What might this moment have meant to Abram? What was it like for Abram to hear God's voice, to hear such a call, to be presented with a promise, so ripe with potential? What would it have meant for him to uproot his life and embark on a journey toward unknown destinations? How, in that moment, could Abram be trusting, unquestioning, and seemingly faithful?
As we awaken this morning, as some of us take our children to school, and others set off for work, we find ourselves at a crossroads, at the beginning of a new reality for our country, and for our lives. For some of us, this moment has been a long time in coming. It represents the very core of American democracy, depicts people throughout our nation stepping forward to vote, and using their vote to ask for a "radical leaving," a departure from the status quo within our government, hoping that our nation will "go forth" in a remarkably different direction.
Others among us are disturbed and frightened. This isn't the destiny that we chose or desired, but in all elections, there are winners and there are losers. We know this reality and we have no choice but to accept it.

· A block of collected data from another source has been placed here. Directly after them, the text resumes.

(* Let $\mathcal{D}=\{(x_i,a_i,y_i)\}_{i=1}^N$ be a dataset with $a_i\in\{1,2\}$, $y_i\in\{0,1\}$, and let $\mathcal{R}$ be a group-aware Bayes-optimal score (GABOS) function with respect to $\mathcal{D}$. Let the loss $\mathcal{L}$ be the misclassification error on $\mathcal{D}$ of the (normalized) thresholding of $\mathcal{R}$, and let the bias $\mathcal{B}$ be the demographic-parity bias or the equal-opportunity bias on $\mathcal{D}$. Then the post-processing method applied to $\mathcal{R}$ is slack-consistent: for every individual $(x,a)$, the prediction $f_\beta(x,a)$ of the returned classifier is monotonic in the slack $\beta>0$.
   Context: GABOS function: $\mathcal{R}$ is group-aware Bayes-optimal with respect to $\mathcal{D}$ if for every $(x,a)$ appearing in $\mathcal{D}$, $\mathcal{R}(x,a)$ equals the empirical probability that $(x,a)$ is labeled positively in $\mathcal{D}$, i.e. $\mathcal{R}(x,a)=|\{i: x_i=x,a_i=a,y_i=1\}|/|\{i:x_i=x,a_i=a\}|$. A (stochastic) classifier $f$ gives probability $f(x,a)\in[0,1]$ of a positive prediction. Demographic-parity bias: $\mathcal{B}(f)=\frac{\sum_i f(x_i,a_i)\mathbb{1}[a_i=1]}{\sum_i\mathbb{1}[a_i=1]}-\frac{\sum_i f(x_i,a_i)\mathbb{1}[a_i=2]}{\sum_i\mathbb{1}[a_i=2]}$. Equal-opportunity bias: the same with the additional restriction $y_i=1$ in every indicator. Normalized thresholds: for group $a$, a normalized threshold $\tau\in[0,1]$ denotes a threshold classifier on $\mathcal{R}(x,a)$ in group $a$, randomized over at most two adjacent deterministic thresholds, whose positive prediction rate in group $a$ (on $\mathcal{D}$) equals $1-\tau$. A pair $(\tau_1,\tau_2)$ defines a classifier (group $a$ uses $\tau_a$) with loss $\mathcal{L}(\tau_1,\tau_2)$ and bias $\mathcal{B}(\tau_1,\tau_2)$. Post-processing method with slack $\beta>0$: among all $(\tau_1,\tau_2)\in[0,1]^2$ minimizing $\mathcal{L}(\tau_1,\tau_2)$ subject to $|\mathcal{B}(\tau_1,\tau_2)|\le\beta$, keep those with smallest $|\mathcal{B}|$; among those the ones with smallest $\tau_1$; among those return the one with smallest $\tau_2$. The resulting classifier is $f_\beta$. Slack-consistency: for every individual $(x,a)$ and all $\beta_1<\beta_2<\beta_3$, either $f_{\beta_1}(x,a)\le f_{\beta_2}(x,a)\le f_{\beta_3}(x,a)$ or $f_{\beta_1}(x,a)\ge f_{\beta_2}(x,a)\ge f_{\beta_3}(x,a)$. *)

From HB Require Import structures.
From mathcomp Require Import all_boot all_order all_algebra.
From mathcomp Require Import reals.
Set Implicit Arguments. Unset Strict Implicit. Unset Printing Implicit Defensive.
Import Order.TTheory GRing.Theory Num.Theory.
Local Open Scope ring_scope.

But there is still an "urgent voice" that needs to be heard, an "urgent voice" that we need to heed, an "urgent voice" that will ultimately "confirm who we are," as individuals, and more importantly, as a nation. In the Jewish community, we are the bearers of an ancient, seemingly timeless tradition, in which God calls upon us to "love our neighbor as ourselves," God commands us "to defend the rights of the poor, the orphan and the widow," God reminds us "to love the stranger in our midst because we were strangers in the land of Egypt," and God teaches us to refrain from slander, to pursue justice, and ultimately, "to choose life."
Once Abram embarks on his journey, God chooses to establish a covenant with him, the beginning of a covenant that we retain to this very day, a covenant that places us in shared obligation with God, and with one another, to bring light, blessing, and healing into our fractured world. The leadership of our nation may have changed last night, but our commitment to our values as a people, and our commitment to our covenant with God and humanity remain ever solid.
Rabbi Hirsh is correct. There are many among us who "don't like leaving." But Abram's journey is ultimately one of "becoming." What will our nation become? What values will we articulate? How will engage in the civic processes of our country, ensuring that our voices will be heard? God is saying lech lecha. As we leave behind what is familiar, as we leave behind what we know for an uncharted destination, together, as a community, as a people, as a nation, we begin Abram's journey of becoming anew.